WASHINGTON – Maryland students and teachers who have access to computers have become increasingly comfortable with technology, according to a study released Wednesday by the Maryland Business Roundtable for Education.
The report was cited as evidence that the state’s investment in the Technology in Maryland Schools (TIMS) program is paying off in teachers and students who are better educated in technology.
“Research shows that kids who compose on computers have higher quality work,” said June Streckfus, executive director of the business roundtable. But she added that “it is a lot of money to put into education if it doesn’t have gains.”
“We want to make sure the technology is getting to the teachers,” Streckfus said.
The report focused on the first 90 schools to join TIMS in 1996, surveying teachers in those schools before they joined the program and then again in 1998.
It found that the percentage of teachers who said they faced barriers like lack of equipment and inadequate staff training dropped by about one quarter after their schools joined the program. A significant number said they felt more comfortable with computers and now use them for more classroom activities.
Students have also drastically increased their computer use, the report said. Streckfus said that students who have access to computers learn to write better because it is easier for them to edit their work.
There was only a small increase in the number of teachers who use computers to perform tasks like collecting and analyzing data, the report said.
TIMS provides Internet and e-mail access for each of the 565 schools that have signed up since the program began. When it first began training teachers to use computers, less than half of them had ever been on the Internet, said Streckfus. As a result a significant portion of the funding goes toward teacher training, she said.
“We knew we had a long way to go,” she said.
Since there are so many technology-challenged teachers in the state, more funding needs to be given to train teachers, said Karl Pence, president of the Maryland State Teachers Association.
“A lot of teachers need training on how to use this stuff,” he said. “We believe we should have received a higher percentage (of funding) for professional development than we did.”
Pence said he supports the program and believes it will help children prepare for future jobs.
“It would be a mistake not to train teachers to use more technology,” he said. “Teachers and students need to know technology as part of their basic skills.”
TIMS grew out of the Maryland Connected for Learning program, a 1996 initiative by Gov.
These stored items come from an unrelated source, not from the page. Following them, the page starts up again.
(* Let $Y$ be a metric space with Assouad--Nagata dimension $n$, with constant $c$ as in the definition. There are $a>0$ and $0<b<1$ (depending only on $n$ and $c$) with the following property. Let $w:Y\to[0,\infty)$ be $1$-Lipschitz and $Y_{>0}=w^{-1}((0,\infty))$. Then there is a cover $\mathcal B=(B_i)_{i\in I}$ of $Y_{>0}$ such that (1) $\operatorname{diam}B_i\le a\inf w(B_i)$ for all $i\in I$; and (2) every set $U\subset Y$ with $\operatorname{diam}U\le b\inf w(U)$ meets at most $2(n+1)$ members of $\mathcal B$.
   Context: For $D,s>0$, a $D$-bounded covering of a metric space $Y$ is a family $(B_i)$ of subsets with $\operatorname{diam}B_i\le D$; its $s$-multiplicity is the least integer $m$ such that every $U\subset Y$ with $\operatorname{diam}U\le s$ meets at most $m$ of the $B_i$. The Assouad--Nagata dimension of $Y$ is the least integer $n$ for which there is $c>0$ such that for every $s>0$, $Y$ has a $cs$-bounded covering with $s$-multiplicity at most $n+1$. *)

From Stdlib Require Import Reals List.
Open Scope R_scope.

Definition is_metric {Y : Type} (d : Y -> Y -> R) : Prop :=
  (forall x y, 0 <= d x y) /\
  (forall x y, d x y = 0 <-> x = y) /\
  (forall x y, d x y = d y x) /\
  (forall x y z, d x z <= d x y + d y z).

Definition diam_le {Y : Type} (d : Y -> Y -> R) (U : Y -> Prop) (r : R) : Prop :=
  forall x y, U x -> U y -> d x y <= r.

(* diam U <= a * inf w(U), unfolded: diam U <= a * w z for every z in U
   (for U empty this holds vacuously, as inf over the empty set is +oo) *)
Definition diam_le_inf {Y : Type} (d : Y -> Y -> R) (U : Y -> Prop)
  (a : R) (w : Y -> R) : Prop :=
  forall z, U z -> diam_le d U (a * w z).

Definition meets {Y : Type} (A B : Y -> Prop) : Prop := exists y, A y /\ B y.

Definition meets_at_most {Y I : Type} (B : I -> Y -> Prop) (U : Y -> Prop) (m : nat) : Prop :=
  exists l : list I, (length l <= m)%nat /\ forall i, meets (B i) U -> In i l.

Definition covers {Y I : Type} (B : I -> Y -> Prop) : Prop :=
  forall y, exists i, B i y.

Definition has_bounded_covering {Y : Type} (d : Y -> Y -> R) (D s : R) (m : nat) : Prop :=
  exists (I : Type) (B : I -> Y -> Prop),
    covers B /\ (forall i, diam_le d (B i) D) /\
    (forall U : Y -> Prop, diam_le d U s -> meets_at_most B U m).

Definition AN_dim_witness {Y : Type} (d : Y -> Y -> R) (n : nat) (c : R) : Prop :=
  0 < c /\ forall s, 0 < s -> has_bounded_covering d (c * s) s (S n).

Definition AN_dim_eq {Y : Type} (d : Y -> Y -> R) (n : nat) : Prop :=
  (exists c, AN_dim_witness d n c) /\
  (forall n' c', AN_dim_witness d n' c' -> (n <= n')%nat).

Definition one_lipschitz {Y : Type} (d : Y -> Y -> R) (w : Y -> R) : Prop :=
  forall x y, Rabs (w x - w y) <= d x y.

(* Cut Y_{>0} into the layers where ln w has a fixed integer part k, and
   intersect the k-th layer with a covering of Y at scale s_k = e^(k+1)/2.
   On the k-th layer w is comparable to e^k, which gives (1).  A set U with
   diam U <= inf w(U)/2 only sees two consecutive layers, since w varies by a
   factor 3/2 < e on U, and in each of them it has diameter below s_k, so it
   meets at most n+1 pieces per layer. *)

From Stdlib Require Import Reals ZArith List Lra Lia Classical ClassicalEpsilon.
Open Scope R_scope.

Definition level (x : R) : Z := Int_part (ln x).

Lemma level_spec x :
  0 < x -> exp (IZR (level x)) <= x /\ x < exp (IZR (level x) + 1).
Proof.
  intros Hx; unfold level.
  destruct (base_Int_part (ln x)) as [Hlo Hhi].
  rewrite <- (exp_ln x Hx) at 2 3; split.
  - destruct Hlo as [Hlt | ->]; [left; apply exp_increasing |]; lra.
  - apply exp_increasing; lra.
Qed.

Lemma level_le_succ x y :
  0 < x -> 0 < y -> y < exp 1 * x -> (level y <= level x + 1)%Z.
Proof.
  intros Hx Hy Hyx.
  assert (Hln : ln y < 1 + ln x).
  { rewrite <- ln_exp with 1, <- ln_mult by (apply exp_pos || exact Hx).
    now apply ln_increasing. }
  destruct (base_Int_part (ln x)), (base_Int_part (ln y)).
  enough (Hlt : IZR (level y) < IZR (level x + 2)) by (apply lt_IZR in Hlt; lia).
  rewrite plus_IZR; unfold level; lra.
Qed.

Lemma Z_within_two_consecutive (P : Z -> Prop) :
  (forall k k', P k -> P k' -> (k' <= k + 1)%Z) ->
  exists k1, forall k, P k -> k = k1 \/ k = (k1 + 1)%Z.
Proof.
  intros Hclose.
  destruct (classic (exists k0, P k0)) as [[k0 Hk0] | Hnone].
  2:{ exists 0%Z; intros k Hk; exfalso; eauto. }
  destruct (classic (P (k0 - 1)%Z)) as [Hprev | Hnoprev].
  - exists (k0 - 1)%Z; intros k Hk.
    pose proof (Hclose _ _ Hprev Hk); pose proof (Hclose _ _ Hk Hk0); lia.
  - exists k0; intros k Hk.
    pose proof (Hclose _ _ Hk Hk0); pose proof (Hclose _ _ Hk0 Hk).
    assert (k <> (k0 - 1)%Z) by (intros ->; contradiction); lia.
Qed.

Definition layer_scale (k : Z) : R := exp (IZR k + 1) / 2.

Lemma layer_scale_pos k : 0 < layer_scale k.
Proof. unfold layer_scale; pose proof (exp_pos (IZR k + 1)); lra. Qed.

Section LayeredCovering.

Variables (Y : Type) (d : Y -> Y -> R) (n : nat) (c : R) (w : Y -> R).
Hypothesis c_pos : 0 < c.
Hypothesis w_lip : one_lipschitz d w.

Definition covering_at (s : R) (J : Type) (C : J -> Y -> Prop) : Prop :=
  covers C /\ (forall j, diam_le d (C j) (c * s)) /\
  (forall U : Y -> Prop, diam_le d U s -> meets_at_most C U (S n)).

Variables (J : Z -> Type) (C : forall k, J k -> Y -> Prop).
Hypothesis C_covering : forall k, covering_at (layer_scale k) (J k) (C k).

Definition layer_piece (i : {k : Z & J k}) (y : Y) : Prop :=
  C (projT1 i) (projT2 i) y /\ level (w y) = projT1 i /\ 0 < w y.

Lemma layer_pieces_cover y : 0 < w y -> exists i, layer_piece i y.
Proof.
  intros Hy.
  destruct (C_covering (level (w y))) as [Hcov _].
  destruct (Hcov y) as [j Hj].
  now exists (existT _ (level (w y)) j).
Qed.

Lemma layer_piece_diam a :
  c * exp 1 <= 2 * a -> forall i, diam_le_inf d (layer_piece i) a w.
Proof.
  intros Ha [k j] z [_ [Hlz Hwz]] x y [Hx _] [Hy _]; simpl in *.
  destruct (C_covering k) as [_ [Hdiam _]].
  pose proof (Hdiam j x y Hx Hy) as Hxy.
  destruct (level_spec _ Hwz) as [Hek _]; rewrite Hlz in Hek.
  unfold layer_scale in Hxy; rewrite exp_plus in Hxy.
  pose proof (exp_pos (IZR k)); pose proof (exp_pos 1).
  assert (Hapos : 0 <= a) by nra.
  assert (c * (exp (IZR k) * exp 1) / 2 <= a * exp (IZR k)) by nra.
  assert (a * exp (IZR k) <= a * w z) by (apply Rmult_le_compat_l; assumption).
  lra.
Qed.

Section ThinSet.

Variable U : Y -> Prop.
Hypothesis U_thin : diam_le_inf d U (1 / 2) w.

Lemma thin_set_levels_close y y' :
  U y -> U y' -> 0 < w y -> 0 < w y' -> (level (w y') <= level (w y) + 1)%Z.
Proof.
  intros Hy Hy' Hwy Hwy'.
  apply level_le_succ; try assumption.
  pose proof (U_thin y Hy y' y Hy' Hy); pose proof (w_lip y' y).
  pose proof (Rle_abs (w y' - w y)); pose proof (exp_ineq1 1 ltac:(lra)).
  nra.
Qed.

Lemma thin_set_meets_layer k :
  exists l : list (J k), (length l <= S n)%nat /\
    forall j, meets (layer_piece (existT _ k j)) U -> In j l.
Proof.
  destruct (classic (exists y, U y /\ 0 < w y /\ level (w y) = k))
    as [[y [Hy [Hwy Hly]]] | Hempty].
  - destruct (C_covering k) as [_ [_ Hmult]].
    assert (HUk : diam_le d U (layer_scale k)).
    { intros x x' Hx Hx'.
      pose proof (U_thin y Hy x x' Hx Hx').
      destruct (level_spec _ Hwy) as [_ Hhi]; rewrite Hly in Hhi.
      unfold layer_scale; lra. }
    destruct (Hmult U HUk) as [l [Hlen Hin]].
    exists l; split; [exact Hlen |].
    intros j [x [[Hx _] HUx]]; apply Hin; now exists x.
  - exists nil; split; [simpl; lia |].
    intros j [x [[_ [Hlx Hwx]] HUx]]; exfalso; eauto.
Qed.

Lemma thin_set_meets_at_most : meets_at_most layer_piece U (2 * S n).
Proof.
  destruct (Z_within_two_consecutive
              (fun k => exists y, U y /\ 0 < w y /\ level (w y) = k)) as [k1 Hk1].
  { intros k k' [y [Hy [Hwy <-]]] [y' [Hy' [Hwy' <-]]].
    exact (thin_set_levels_close y y' Hy Hy' Hwy Hwy'). }
  destruct (thin_set_meets_layer k1) as [l1 [Hlen1 Hin1]].
  destruct (thin_set_meets_layer (k1 + 1)%Z) as [l2 [Hlen2 Hin2]].
  exists (map (existT _ k1) l1 ++ map (existT _ (k1 + 1)%Z) l2); split.
  { rewrite length_app, !length_map; lia. }
  intros [k j] Hmeet; apply in_or_app.
  assert (Hk : k = k1 \/ k = (k1 + 1)%Z).
  { destruct Hmeet as [x [[_ [Hlx Hwx]] HUx]]; apply Hk1; now exists x. }
  destruct Hk as [-> | ->]; [left | right]; apply in_map; auto.
Qed.

End ThinSet.

End LayeredCovering.

Lemma AN_witness_layer_coverings (Y : Type) (d : Y -> Y -> R) (n : nat) (c : R) :
  AN_dim_witness d n c ->
  exists (J : Z -> Type) (C : forall k, J k -> Y -> Prop),
    forall k, covering_at Y d n c (layer_scale k) (J k) (C k).
Proof.
  intros [_ HAN].
  destruct (choice (fun k (JC : {J : Type & J -> Y -> Prop}) =>
                      covering_at Y d n c (layer_scale k) (projT1 JC) (projT2 JC)))
    as [f Hf].
  { intros k; destruct (HAN _ (layer_scale_pos k)) as [J [C HC]].
    now exists (existT _ J C). }
  exists (fun k => projT1 (f k)), (fun k => projT2 (f k)); exact Hf.
Qed.

Theorem lemma9p2 (n : nat) (c : R) :
  exists a b : R, 0 < a /\ 0 < b /\ b < 1 /\
  forall (Y : Type) (d : Y -> Y -> R),
    is_metric d -> AN_dim_eq d n -> AN_dim_witness d n c ->
    forall w : Y -> R,
      (forall y, 0 <= w y) -> one_lipschitz d w ->
      exists (I : Type) (B : I -> Y -> Prop),
        (forall i y, B i y -> 0 < w y) /\
        (forall y, 0 < w y -> exists i, B i y) /\
        (forall i, diam_le_inf d (B i) a w) /\
        (forall U : Y -> Prop, diam_le_inf d U b w ->
           meets_at_most B U (2 * S n)).
Proof.
  exists (2 * Rabs c + 1), (1 / 2).
  split; [pose proof (Rabs_pos c); lra |].
  split; [lra |]; split; [lra |].
  intros Y d _ _ Hwit w _ Hlip.
  assert (Hc : 0 < c) by apply Hwit.
  destruct (AN_witness_layer_coverings Y d n c Hwit) as [J [C HC]].
  exists {k : Z & J k}, (layer_piece Y w J C).
  split; [now intros i y [_ [_ Hy]] |].
  split; [exact (layer_pieces_cover Y d n c w J C HC) |].
  split.
  - apply (layer_piece_diam Y d n c w Hc J C HC).
    rewrite Rabs_right by lra; pose proof exp_le_3; nra.
  - exact (thin_set_meets_at_most Y d n c w Hlip J C HC).
Qed.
Parris Glendening that called for Internet access for every public school student.
The Maryland Public School Construction Program funds wiring for the computers under TIMS and the state Department of Education provides funds for the hardware, software and staff training. Local school systems and individual schools are also asked to match the Education Department funds.
In certain cases, schools that could not afford to be in the program received funds from individual companies, Streckfus said. Individual companies from the business roundtable may make donations to schools, but the organization itself does not contribute.
The roundtable is a private group made up of Maryland businesses that monitors how technology is used in the schools.
Schools must apply to the Education Department to join TIMS, explaining how technology will help their students learn, what equipment they will need and where the equipment will be placed in the school.